# Fun Filled Friday!



## ditchdiger (Jun 23, 2007)

still banned :huh:

but i still love my 14....


----------



## dapper (Jun 18, 2004)

Glycine for Friday morning:










Cheers


----------



## Rotundus (May 7, 2012)

new strap for astral should be here by saturday - hopefully by then i'll have got some brasso and polished out that scratch.

the seamaster is now a regular at work as i tend to be more suited than booted these days.

have just noticed in the photo that the crown is out and has been while it has been in my shirt pocket being timed.
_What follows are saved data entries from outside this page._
(** Put boundary vertex [k] at the point (k, k^2) of the parabola y = x^2 and draw every
    pair {i, j} as the straight chord from (i, i^2) to (j, j^2), with weight w{i, j}.
    Cutting the chords at all their pairwise intersections gives a planar graph; its
    vertices and edges are indexed by pairs of chords, hence there are at most N^4 of each.
    In the bulkless graph the min cut of a contiguous region A is the total weight of the
    chords with exactly one end in A: each such edge must be removed, and removing them
    suffices.  In the chord graph, A or its complement is an arc {lo, ..., hi} of the
    parabola, cut off by the line through (lo, lo^2) and (hi, hi^2).  Along a chord the side
    of that line changes at most once, so the pieces crossing the line form a cut of exactly
    this weight.  Conversely a chord is a path between its ends, so every separating edge
    set contains a piece of each chord leaving A. *)

Lemma modn_sub (N x : nat) : (N <= x < N + N)%N -> (x %% N = x - N)%N.
Proof.
move=> /andP[h1 h2]; rewrite -{1}(subnK h1) modnDr modn_small //; lia.
Qed.

Lemma mem_cyclic_run (N a m k : nat) : (a < N)%N -> (k < N)%N -> (m < N)%N ->
  [exists i : 'I_m.+1, k == ((a + i) %% N)%N] = (a <= k <= a + m)%N || (k + N <= a + m)%N.
Proof.
move=> aN kN mN; apply/existsP/idP => [[i /eqP ->]|].
  have := ltn_ord i; case: (ltnP (a + i) N) => h iS.
    by rewrite modn_small //; lia.
  by rewrite modn_sub; lia.
case: (leqP a k) => ak h.
  exists (inord (k - a)); rewrite inordK; last by lia.
  by rewrite subnKC // modn_small.
exists (inord (k + N - a)); rewrite inordK; last by lia.
by rewrite (_ : a + _ = k + N)%N ?modnDr ?modn_small //; lia.
Qed.

Lemma contiguous_interval (N : nat) (A : {set 'I_N}) : contiguous A ->
  exists lo hi b, (lo <= hi)%N /\ forall k : 'I_N, (lo <= k <= hi)%N = (k \in A) (+) b.
Proof.
move=> [_ [AT [a [m defA]]]].
have aN := ltn_ord a.
have mN : (m.+1 < N)%N.
  rewrite ltnNge; apply: contra AT => hm; apply/eqP/setP => k; rewrite defA !inE.
  have kS : ((k + N - a) %% N < m.+1)%N by apply: leq_trans (ltn_pmod _ _) hm; lia.
  apply/existsP; exists (inord ((k + N - a) %% N)); rewrite inordK // modnDmr.
  by rewrite (_ : a + _ = k + N)%N ?modnDr ?modn_small //; lia.
have memA (k : 'I_N) : (k \in A) = (a <= k <= a + m)%N || (k + N <= a + m)%N.
  by rewrite defA inE mem_cyclic_run // ?ltn_ord //; exact: ltnW.
case: (ltnP (a + m) N) => ham.
  exists a, (a + m)%N, false; split => [|k]; first exact: leq_addr.
  by rewrite memA addbF; move: (ltn_ord k) => kN; apply/idP/idP; lia.
exists (a + m.+1 - N)%N, a.-1, true; split => [|k]; first lia.
by rewrite memA addbT; move: (ltn_ord k) => kN; apply/idP/idP; lia.
Qed.

Definition bool_monotone d (T : porderType d) (f : T -> bool) : Prop :=
  {homo f : x y / (x <= y)%O >-> x ==> y} \/ {homo f : x y / (x <= y)%O >-> y ==> x}.

Section MonotoneBool.
Variables (d : Order.disp_t) (T : porderType d) (f : T -> bool).
Hypothesis f_mono : bool_monotone f.

Lemma bool_monotone_between x y z : (x <= y <= z)%O -> f x = f z -> f y = f x.
Proof.
move=> /andP[xy yz] fxz; case: f_mono => hf; move: (hf _ _ xy) (hf _ _ yz);
  by rewrite -fxz; case: (f x); case: (f y).
Qed.

Lemma bool_monotone_flip_once a1 b1 a2 b2 :
  (a1 <= b1)%O -> (b1 <= a2)%O -> (a2 <= b2)%O -> f a1 != f b1 -> f a2 = f b2.
Proof.
move=> h1 h2 h3; case: f_mono => hf; move: (hf _ _ h1) (hf _ _ h2) (hf _ _ h3);
  by case: (f a1); case: (f b1); case: (f a2); case: (f b2).
Qed.

End MonotoneBool.

Lemma affine_ge0_mono (R : realDomainType) (a b : R) :
  bool_monotone (fun x : R => 0 <= a * x + b).
Proof.
case: (leP 0 a) => ha; [left | right] => x y xy; apply/implyP.
  by have := ler_wpM2l ha xy; lra.
by have := ler_wnM2l (ltW ha) xy; lra.
Qed.

Lemma set2_eq (T : finType) (u v u' v' : T) : [set u; v] = [set u'; v'] ->
  (u = u' /\ v = v') \/ (u = v' /\ v = u').
Proof.
move=> E.
have hu : u \in [set u'; v'] by rewrite -E set21.
have hv : v \in [set u'; v'] by rewrite -E set22.
have hu' : u' \in [set u; v] by rewrite E set21.
have hv' : v' \in [set u; v] by rewrite E set22.
case: (eqVneq u u') => [eu | nu].
  subst u'; left; split => //; move: hv hv'; rewrite !inE => /orP[/eqP hv | /eqP //].
  by subst v; case/orP => /eqP.
right; move: hu; rewrite !inE (negbTE nu) /= => /eqP hu; split => //.
by move: hu'; rewrite !inE eq_sym (negbTE nu) /= => /eqP ->.
Qed.

Lemma card2_set2 (T : finType) (e : {set T}) x y :
  #|e| = 2%N -> x \in e -> y \in e -> x != y -> e = [set x; y].
Proof.
move=> e2 xe ye xy; apply/esym/eqP; rewrite eqEcard cards2 xy e2 andbT.
by apply/fintype.subsetP => z /set2P[] ->.
Qed.

Lemma ler_sum_subset (R : numDomainType) (T : finType) (X Y : {set T}) (f : T -> R) :
  X \subset Y -> {in Y, forall e, 0 <= f e} -> \sum_(e in X) f e <= \sum_(e in Y) f e.
Proof.
move=> XY f0; rewrite [X in _ <= X](big_setID X) /= (finset.setIidPr XY) lerDl.
by apply: sumr_ge0 => e /setDP[eY _]; exact: f0.
Qed.

Section Cuts.
Variables (R : realType) (V : finType) (E : {set {set V}}).
Implicit Types (X A B : {set V}) (C F : {set {set V}}).

Lemma remaining_sym F : symmetric (remaining E F).
Proof. by move=> x y; rewrite /remaining finset.setUC. Qed.

Definition cut_edges (X : {set V}) : {set {set V}} :=
  [set e in E | [exists x in e, exists y in e, (x \in X) && (y \notin X)]].

Lemma connect_cut_edges X x y :
  connect (remaining E (cut_edges X)) x y -> (x \in X) = (y \in X).
Proof.
apply: closed_connect => u v; rewrite /remaining !inE => /andP[+ uvE].
rewrite uvE /= => hcut; case hu: (u \in X); case hv: (v \in X) => //; case/negP: hcut.
  by apply/existsP; exists u; rewrite set21 /=; apply/existsP; exists v; rewrite set22 hu hv.
by apply/existsP; exists v; rewrite set22 /=; apply/existsP; exists u; rewrite set21 hu hv.
Qed.

Lemma separates_cut_edges X A B :
  (forall a b, a \in A -> b \in B -> (a \in X) != (b \in X)) ->
  separates E (cut_edges X) A B.
Proof.
by move=> hX a b ha hb; apply: contra (hX a b ha hb) => /connect_cut_edges ->.
Qed.

Lemma separatesC F A B : separates E F A B -> separates E F B A.
Proof. by move=> hsep b a hb ha; rewrite (sym_connect_sym (@remaining_sym F)); exact: hsep. Qed.

Lemma separator_has_edge F A B a b : separates E F A B ->
  a \in A -> b \in B -> [set a; b] \in E -> [set a; b] \in F.
Proof.
move=> hsep ha hb hE; apply: contraNT (hsep a b ha hb) => hF.
by apply: connect1; rewrite /remaining inE hF.
Qed.

Lemma mincut_forced (w : {set V} -> R) A B C (c : R) :
  (forall e, e \in E -> 0 <= w e) -> C \subset E -> separates E C A B ->
  (forall F, F \subset E -> separates E F A B -> C \subset F) ->
  is_mincut E w A B c -> c = \sum_(e in C) w e.
Proof.
move=> w0 CE Csep Cmin [[F [FE [Fsep <-]]] cmin]; apply/eqP; rewrite eq_le cmin //.
by rewrite ler_sum_subset ?Cmin // => e /(fintype.subsetP FE); exact: w0.
Qed.

End Cuts.

Section ParabolaChords.
Variables (R : realType) (N : nat).
Implicit Types (A : {set 'I_N}) (w : {set 'I_N} -> R).

Definition chord := ('I_N * 'I_N)%type.
Definition slope (c : chord) : R := (c.1 + c.2)%N%:R.
Definition offset (c : chord) : R := (c.1 * c.2)%N%:R.
Definition parab (k : nat) : R * R := (k%:R, k%:R ^+ 2).

Definition crossing (A : {set 'I_N}) : {set chord} :=
  [set c : chord | (c.1 < c.2)%N && ((c.1 \in A) != (c.2 \in A))].

Definition cross_weight w A : R :=
  \sum_(c in crossing A) w [set c.1; c.2].

Lemma chord_complete (c : chord) : (c.1 < c.2)%N -> [set c.1; c.2] \in complete_edges N.
Proof.
by move=> c12; rewrite inE cards2 -(inj_eq val_inj) neq_ltn c12.
Qed.

Lemma sum_cut_complete w A :
  \sum_(e in cut_edges (complete_edges N) A) w e = cross_weight w A.
Proof.
have inj : {in crossing A &, injective (fun c : chord => [set c.1; c.2])}.
  move=> [i j] [i' j']; rewrite !inE /= => /andP[ij _] /andP[ij' _].
  case/set2_eq => [[-> ->] // | [ii' jj']].
  by move: ij'; rewrite -jj' -ii' => /(ltn_trans ij); rewrite ltnn.
suff -> : cut_edges (complete_edges N) A = [set [set c.1; c.2] | c in crossing A].
  by rewrite big_imset.
apply/setP => e.
rewrite /cut_edges !inE; apply/andP/imsetP => [[e2] | ].
  case/existsP => x /andP[xe /existsP[y /and3P[ye xA yA]]].
  have xy : x != y by apply: contraNneq yA => <-.
  rewrite (card2_set2 (eqP e2) xe ye xy).
  case: (ltngtP x y) => [xy' | yx' | /val_inj exy]; last by rewrite exy eqxx in xy.
    by exists (x, y); first rewrite inE /= xy' xA.
  exists (y, x); last exact: finset.setUC.
  by rewrite inE /= yx'; case: (x \in A) (y \in A) xA yA => [] [].
move=> [c cD ->]; move: cD; rewrite inE => /andP[c12 cA].
split; first by move: (chord_complete c12); rewrite inE.
case hA: (c.1 \in A) in cA.
  apply/existsP; exists c.1; rewrite set21 /=; apply/existsP; exists c.2.
  by rewrite set22 hA; case: (c.2 \in A) cA.
apply/existsP; exists c.2; rewrite set22 /=; apply/existsP; exists c.1.
by rewrite set21 hA; case: (c.2 \in A) cA.
Qed.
its keeping good enough time to not bother opening up though so am happy.


----------



## James (Jul 17, 2006)

still this one, never did quite make it to storage, on a Rios. Weird effect from the crystal on the dial it is all right lol










................


----------



## William_Wilson (May 21, 2007)

Been doing some timing adjustments on this.










Later,

William


----------



## JonW (Mar 23, 2005)

Omega 1000m for me...


----------



## mylo (Feb 8, 2008)

Back at work. I brought the Autozilla this time.


----------



## magnet (Mar 20, 2008)

This today. Panerai 111...


----------



## thunderbolt (May 19, 2007)

Still wearing this.


----------



## jbw (May 6, 2008)

Wearing this atm.










Then this if it's delivered today.


----------



## Toshi (Aug 31, 2007)

Pre moon Speedie Pro today


----------



## Rinaldo1711 (Apr 11, 2007)

DA37 today - have a good weekend eveerybody.


----------



## Silver Hawk (Dec 2, 2003)

I think I'll go for this one today  ...it's not been on my wrist for a long time h34r: .


----------



## jasonm (Nov 22, 2003)

Ive been wearing the 8 for the last couple of days


----------



## hippo (Jun 27, 2006)

jasonm said:


> Ive been wearing the 8 for the last couple of days


Nice shot Jase 

This one for me  Sorry about the dust!!


----------



## cookie520 (Jan 7, 2008)

The PO for me today...


----------



## williamsat (Feb 21, 2005)

Accutron 'Railroad Approved'


----------



## chris l (Aug 5, 2005)




----------



## chris l (Aug 5, 2005)

Toshi said:


> Pre moon Speedie Pro today


20 second exposure?!

Lovely watch.... one day....


----------



## [email protected] (Jan 19, 2007)

Hi

Bathys today










Paul


----------



## Dave ME (May 7, 2005)

Wearing the Speedbird 3 today, but now on a canvas strap:


----------



## Steve's Dad (Dec 19, 2007)

Trias Ger-asian today. Great watch for people who wear reading glasses (like me)....you can tell them time without looking for your glasses first!


----------



## BondandBigM (Apr 4, 2007)

This one today


----------



## Griff (Feb 23, 2003)

Seiko Bellmatic, *27 jewels!!!* 

In superb condition


----------



## Filterlab (Nov 13, 2008)

Friday usual, my beloved MM on Toshi:


----------



## Kevin Glover (Oct 14, 2008)

This one for me today, only had it since Christmas and it's hardly been off my wrist. Collecting my Speedmaster 125 on Sunday though so that may change!


----------



## mach 0.0013137 (Jan 10, 2005)

Still wearing these two B)

*Tudor Oyster-Prince 34 7909, cal. 390 17 jewels(?) circa 1950s (?)& Rolex Oysterdate Precision 6694, cal.1225 17 Jewels c.1968.*


----------



## Toshi (Aug 31, 2007)

chris l said:


> Toshi said:
> 
> 
> > Pre moon Speedie Pro today
> ...


Thanks Chris

Yes, 20 seconds, hence the movement in the minute hand


----------



## dombox40 (Oct 20, 2008)

I,m out tonight so its the dressy rado automatic.


----------



## mattbeef (Jul 17, 2008)

thunderbolt said:


> Still wearing this.


Ill shameless use your photo to show that im wearing my 15 today  but on the bracelet.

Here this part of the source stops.